According to Scotiabank, the growing risk that China will devaluate its currency – the yuan – in the upcoming weeks is posing a risk to the fertilizer stocks. According to Ben Issacson, a devaluation of the yuan can potentially be very destabilizing since global nitrogen prices would plunge with ammonia to follow. “Potash demand destruction would be swift as Chinese farmers pushed back on soaring local prices required to cover unchanged US dollar prices,” he explained.
Mr Issacson also added that the phosphate market could be spared because cheaper Chinese capacity would not be capable of pushing non-integrated Indian manufacturers off the cost curve. Yet, he thinks that commodities worldwide would suffer greatly. Most investors believe that China will not devaluate the yuan but analysts think that the likelihood of this happening is rather big.

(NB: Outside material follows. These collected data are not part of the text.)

(* Let $P$ be an ergodic and reversible transition matrix on a finite set $\mathcal{X}$. Then $\gamma_{\mathsf{dps}}=\gamma_\star$.
   Context: $P$ is row-stochastic, ergodic (primitive), with unique stationary distribution $\pi>0$, and reversible: $\pi(x)P(x,x')=\pi(x')P(x',x)$; then $P$ has real spectrum and $\gamma_\star=1-\max\{|\lambda|:\lambda\in\sigma(P),\lambda\ne1\}$ is its absolute spectral gap. $P^\star(x,x')=\pi(x')P(x',x)/\pi(x)$; for a transition matrix $Q$ with stationary $\pi$, $\mathscr{S}_\pi(Q)=\begin{pmatrix}0&Q\\Q^\star&0\end{pmatrix}$ and $\gamma_\ddagger(Q)=1-\mu_2$ where $\mu_2$ is the second largest eigenvalue (counted with multiplicity) of $\mathscr{S}_\pi(Q)$. $\gamma_{\mathsf{dps}}=\max_{k\ge1}\gamma_\ddagger(P^k)/k$. *)

From HB Require Import structures.
From mathcomp Require Import all_boot all_order all_algebra.
From mathcomp Require Import reals.
Set Implicit Arguments. Unset Strict Implicit. Unset Printing Implicit Defensive.
Import Order.TTheory GRing.Theory Num.Theory.
Local Open Scope ring_scope.

Section Defs.
Variable R : realType.

Definition row_stochastic n (P : 'M[R]_n) : Prop :=
  (forall i j, 0 <= P i j) /\ (forall i, \sum_j P i j = 1).

(* ergodic = primitive: some power has all entries positive *)
Definition primitive n (P : 'M[R]_n) : Prop :=
  exists k : nat, forall i j, 0 < (P ^+ k) i j.

Definition stationary n (P : 'M[R]_n) (pi : 'I_n -> R) : Prop :=
  (forall i, 0 <= pi i) /\ (\sum_i pi i = 1) /\
  (forall j, \sum_i pi i * P i j = pi j).

Definition reversible n (P : 'M[R]_n) (pi : 'I_n -> R) : Prop :=
  forall i j, pi i * P i j = pi j * P j i.

Definition tstar n (pi : 'I_n -> R) (Q : 'M[R]_n) : 'M[R]_n :=
  \matrix_(i, j) (pi j * Q j i / pi i).

Definition dilation n (pi : 'I_n -> R) (Q : 'M[R]_n) : 'M[R]_(n + n) :=
  block_mx 0 Q (tstar pi Q) 0.

(* mu is the second largest eigenvalue of A, eigenvalues counted with
   (algebraic) multiplicity: s lists all real roots of the characteristic
   polynomial with multiplicity, and mu is the second entry of s sorted
   in decreasing order. *)
Definition second_largest_eig m (A : 'M[R]_m) (mu : R) : Prop :=
  exists (s : seq R) (q : {poly R}),
    char_poly A = q * \prod_(x <- s) ('X - x%:P) /\
    (forall x, ~~ root q x) /\
    (1 < size s)%N /\
    mu = nth 0 (sort (fun x y => y <= x) s) 1.
Lemma pr_setC P A : measurable A -> pr P (~` A) = 1 - pr P A.
Proof.
move=> mA; apply: EFin_inj.
by rewrite -prE ?probability_setC ?prE//; exact: measurableC.
Qed.

Lemma le_pr_setU P A B : measurable A -> measurable B ->
  pr P (A `|` B) <= pr P A + pr P B.
Proof.
by move=> mA mB; rewrite -lee_fin EFinD -!prE ?measureU2//; exact: measurableU.
Qed.

Lemma pr_setU P A B : measurable A -> measurable B -> A `&` B = set0 ->
  pr P (A `|` B) = pr P A + pr P B.
Proof.
move=> mA mB AB0; apply: EFin_inj.
by rewrite EFinD -!prE ?measureU//; exact: measurableU.
Qed.

Lemma pr_bigcup_eq0 P (F : (set T)^nat) : (forall k, measurable (F k)) ->
  (forall k, pr P (F k) = 0) -> pr P (\bigcup_k F k) = 0.
Proof.
move=> mF F0; have mU := bigcupT_measurable _ mF.
suff /(negligibleP _ mU) : P.-negligible (\bigcup_k F k) by rewrite /pr => ->.
apply: negligible_bigcup => k; apply/negligibleP => //=.
by rewrite (prE P (mF k)) F0.
Qed.

(* When [P B = 0], [mnormalize] returns [P] itself. *)
Definition cond_prob P B (mB : measurable B) : probability T R :=
  mnormalize (mrestr P mB) P.

Lemma cond_probE P B (mB : measurable B) U : 0 < pr P B -> measurable U ->
  pr (cond_prob P mB) U = pr P (U `&` B) / pr P B.
Proof.
move=> PB0 mU.
have restrE X : (mrestr P mB : {measure set T -> \bar R}) X = P (X `&` B) by [].
have condE : cond_prob P mB U = mnormalize (mrestr P mB) P U by [].
rewrite /pr condE /mnormalize !restrE setTI (prE P mB) eqe (gt_eqF PB0) /=.
by rewrite restrE (prE P (measurableI _ _ mU mB)) -EFinM.
Qed.

End real_valued_probability.

Section kuiper_distance.
Context (R : realType).
Implicit Types (P Q : probability R R) (i : interval R).

Lemma kuiper_itvE P Q i :
  `|(P [set` i] - Q [set` i])|%E = (`|pr P [set` i] - pr Q [set` i]|)%:E.
Proof. by rewrite (prE P (measurable_itv i)) (prE Q (measurable_itv i)). Qed.
(* Let $\widetilde{\mathbf S}=\prod_{i=1}^m\widetilde{\mathbf S}_i$ be a semisimple algebra over an algebraically closed field $\mathbbm k$ with simple components $\widetilde{\mathbf S}_i\cong\mathrm{Mat}(d_i,\mathbbm k)$, and let $\mathbf S=\prod_{k=1}^r\mathbf S_k$ be a subalgebra with $\mathbf S_k\cong\mathbbm k$ and $\operatorname{length}_{\mathbf S}(\widetilde{\mathbf S}\otimes_{\mathbf S}\mathbf S_k)\le2$ for all $1\le k\le r$. Then for each $1\le k\le r$ one of the following holds: (1) $\mathbf S_k=\widetilde{\mathbf S}_i$ for some $i$; (2) $\mathbf S_k\subset\widetilde{\mathbf S}_i\times\widetilde{\mathbf S}_j$ for some $i\ne j$ with $\widetilde{\mathbf S}_i\cong\widetilde{\mathbf S}_j\cong\mathbbm k$, and $\mathbf S_k\cong\mathbbm k$ embeds into $\widetilde{\mathbf S}_i\times\widetilde{\mathbf S}_j\cong\mathbbm k\times\mathbbm k$ diagonally; (3) there is an index $q\ne k$ such that $\mathbf S_k\times\mathbf S_q\subset\widetilde{\mathbf S}_i$ for some $i$ with $\widetilde{\mathbf S}_i\cong\mathrm{Mat}(2,\mathbbm k)$, and this isomorphism can be chosen so that $\mathbf S_k\times\mathbf S_q$ embeds into $\widetilde{\mathbf S}_i$ as the subalgebra of diagonal matrices.
   Context: Algebras are finite-dimensional over $\mathbbm k$. Here $\mathbf S_k$ is regarded as a (simple) left $\mathbf S$-module, and $\widetilde{\mathbf S}\otimes_{\mathbf S}\mathbf S_k$ as a left $\mathbf S$-module by restriction. *)

From HB Require Import structures.
From mathcomp Require Import all_boot all_order all_algebra.
Set Implicit Arguments. Unset Strict Implicit. Unset Printing Implicit Defensive.
Import GRing.Theory.
Local Open Scope ring_scope.

(* Concrete model of the semisimple algebra  Stil = prod_{i<m} Mat(d_i, K):
   block-diagonal matrices of size \sum_i d_i, the i-th diagonal block being
   the i-th component Mat(d_i, K). *)

Definition Stil_of (K : fieldType) (m : nat) (d : 'I_m -> nat)
  (A : 'M[K]_(\sum_(i < m) d i)) : Prop :=
  exists B : forall i : 'I_m, 'M[K]_(d i), A = mxdiag B.
Arguments Stil_of {K m} d A.

Definition Stil_comp (K : fieldType) (m : nat) (d : 'I_m -> nat) (i : 'I_m)
  (A : 'M[K]_(\sum_(i < m) d i)) : Prop :=
  exists B : forall l : 'I_m, 'M[K]_(d l),
    (forall l, l != i -> B l = 0) /\ A = mxdiag B.
Arguments Stil_comp {K m} d i A.

(* The subalgebra S = prod_{k<r} S_k, S_k = K e_k, given by its primitive
   idempotents e_k (S is unital in Stil). *)
Definition S_of (K : fieldType) (n r : nat) (e : 'I_r -> 'M[K]_n)
  (s : 'M[K]_n) : Prop :=
  exists c : 'I_r -> K, s = \sum_(l < r) c l *: e l.
Arguments S_of {K n r} e s.

Definition S_comp (K : fieldType) (n r : nat) (e : 'I_r -> 'M[K]_n) (k : 'I_r)
  (s : 'M[K]_n) : Prop :=
  exists c : K, s = c *: e k.
Arguments S_comp {K n r} e k s.

(* The left S-module  Stil (x)_S S_k, identified with Stil e_k. *)
Definition tensor_Sk (K : fieldType) (m : nat) (d : 'I_m -> nat) (r : nat)
  (e : 'I_r -> 'M[K]_(\sum_(i < m) d i)) (k : 'I_r)
  (x : 'M[K]_(\sum_(i < m) d i)) : Prop :=
  exists a, Stil_of d a /\ x = a *m e k.
Arguments tensor_Sk {K m d r} e k x.

Definition is_submodule (K : fieldType) (n : nat) (S : 'M[K]_n -> Prop)
  (M N : 'M[K]_n -> Prop) : Prop :=
  [/\ (forall x, N x -> M x), N 0,
      (forall x y, N x -> N y -> N (x + y)) &
      (forall s x, S s -> N x -> N (s *m x))].
Arguments is_submodule {K n} S M N.

Definition length_le (K : fieldType) (n : nat) (S : 'M[K]_n -> Prop)
  (M : 'M[K]_n -> Prop) (t : nat) : Prop :=
  forall (u : nat) (N : nat -> 'M[K]_n -> Prop),
    (forall j, (j <= u)%N -> is_submodule S M (N j)) ->
    (forall j, (j < u)%N ->
       (forall x, N j x -> N j.+1 x) /\ exists x, N j.+1 x /\ ~ N j x) ->
    (u <= t)%N.
Arguments length_le {K n} S M t.
(* Let $\omega$ be a non-principal ultrafilter and $d=(d_n)$ a scaling sequence with $\lim_\omega d_n=\infty$. The inclusion $i:K_2\to G$ induces a bi-Lipschitz embedding $\hat{i}:Con^\omega(K_2,d)\hookrightarrow Con^\omega(G,d)$.
   Context: $G=F_2(a,b)*_{K(a,b)=K(x,y)}F_2(x,y)$ with word metric for $\{a^{\pm1},b^{\pm1},x^{\pm1},y^{\pm1}\}$, where $F_2(a,b)$, $F_2(x,y)$ are copies of the free group of rank 2 and $K(x,y)$ is the image of $K(a,b)$ under $a\mapsto x,b\mapsto y$. $K=\bigcup_nK_n$ with ($|h|$ word length, $(h,k)_1$ Gromov product at $1$, $(h,H)_1=\max_{k\in H}(h,k)_1$, $T(n)$ the tower of $2$'s of height $n$, $U(n)(a,b)=[a^{T(n)+1}b^{T(n)+1}]\cdots[a^{T(n+1)}b^{T(n+1)}]$): $K_1=\langle g_1\rangle$, $g_1$ not a proper power; $K_{n+1}=\langle K_n,g_{n+1}\rangle$ where $g_{n+1}\in F_2\setminus K_n$ is cyclically reduced, no proper power of $a$ or $b$ lies in $K_n$, $(g_{n+1},K_n)_1=\min_{h\in F_2\setminus K_n}(h,K_n)_1$, and $g_{n+1}=h_{n+1}c_{n+1}U(N(n))d_{n+1}$ with $h_{n+1}$ an initial segment of a geodesic ray $r$ from $1$ minimizing $(r,K_n)_1$, $(h_{n+1},K_n)_1$ equal to that minimum, $|h_{n+1}|=(h_{n+1},K_n)_1+1$; $N(n)$ at least twice the maximal $m$ with $a^m$ or $b^m$ a subword of a freely reduced word of $K_n$, and $N(n)>|h_{n+1}|$; $c_{n+1},d_{n+1}\in\{a^{\pm1},b^{\pm1}\}$ making $g_{n+1}$ cyclically reduced. $K_2=\langle g_1,g_2\rangle\subset F_2(a,b)\subset G$ is a free group of rank 2, with a word metric for a finite generating set. Asymptotic cones are ultralimits of the metrics scaled by $1/d_n$, based at the identity. *)

From mathcomp Require Import all_boot.
From Stdlib Require Import Reals ClassicalEpsilon.
Set Implicit Arguments. Unset Strict Implicit. Unset Printing Implicit Defensive.

(* A letter (i, s): generator number i (0 = a, 1 = b, 2 = x, 3 = y),
   exponent +1 if s = true, -1 if s = false. *)
Definition letter := (nat * bool)%type.
Definition word := seq letter.

Definition linv (l : letter) : letter := (l.1, ~~ l.2).
Definition winv (w : word) : word := rev (map linv w).

Definition red_step (st : word) (l : letter) : word :=
  match st with
  | l' :: st' => if l' == linv l then st' else l :: st
  | [::] => [:: l]
  end.
Definition reduce (w : word) : word := rev (foldl red_step [::] w).
Definition reduced (w : word) : Prop := reduce w = w.
Definition mul (u v : word) : word := reduce (u ++ v).

Definition cyc_reduced (w : word) : Prop :=
  reduced w /\ (forall l0, w != [::] -> last l0 w != linv (head l0 w)).

Definition lettersF2 (w : word) : bool := all (fun l => l.1 < 2) w.
Definition lettersF4 (w : word) : bool := all (fun l => l.1 < 4) w.
Definition inF2 (w : word) : Prop := lettersF2 w /\ reduced w.

Definition shiftxy (w : word) : word := map (fun l => (l.1 + 2, l.2)) w.

Definition wpow (w : word) (m : nat) : word := reduce (flatten (nseq m w)).
Definition proper_power (w : word) : Prop :=
  exists (u : word) (m : nat), 2 <= m /\ w = wpow u m.

Definition evalS (S : seq word) (t : seq (nat * bool)) : word :=
  reduce (flatten (map (fun p => if p.2 then nth [::] S p.1
                                 else winv (nth [::] S p.1)) t)).
Definition in_gen (S : seq word) (w : word) : Prop :=
  exists t : seq (nat * bool), all (fun p => p.1 < size S) t /\ w = evalS S t.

However, even if Beijing decides not to devaluate, which would cause a sudden shock, a gradual depreciation would have similar effects, Mr Issacson thinks.
Analysts agree that the first warning signs appeared already in the second half of the last year when it became obvious that China’s growth was slowing down. The number one priority of the Chinese government is to create and protect jobs but job creation was jeopardized as a result of economic rebalancing. Some experts therefore suggest that yuan devaluation would be a means for protecting employment in China.
Last year, Beijing depreciated the yuan for the first time since the de facto peg was introduced in July 2005. This year’s depreciation is estimated to be more profound as “record outflow in the country’s balance of payments is adding to the downward pressure on the currency,” Mr. Paresh Upadhyaya, director of currency strategy at Pioneer Investments, explained.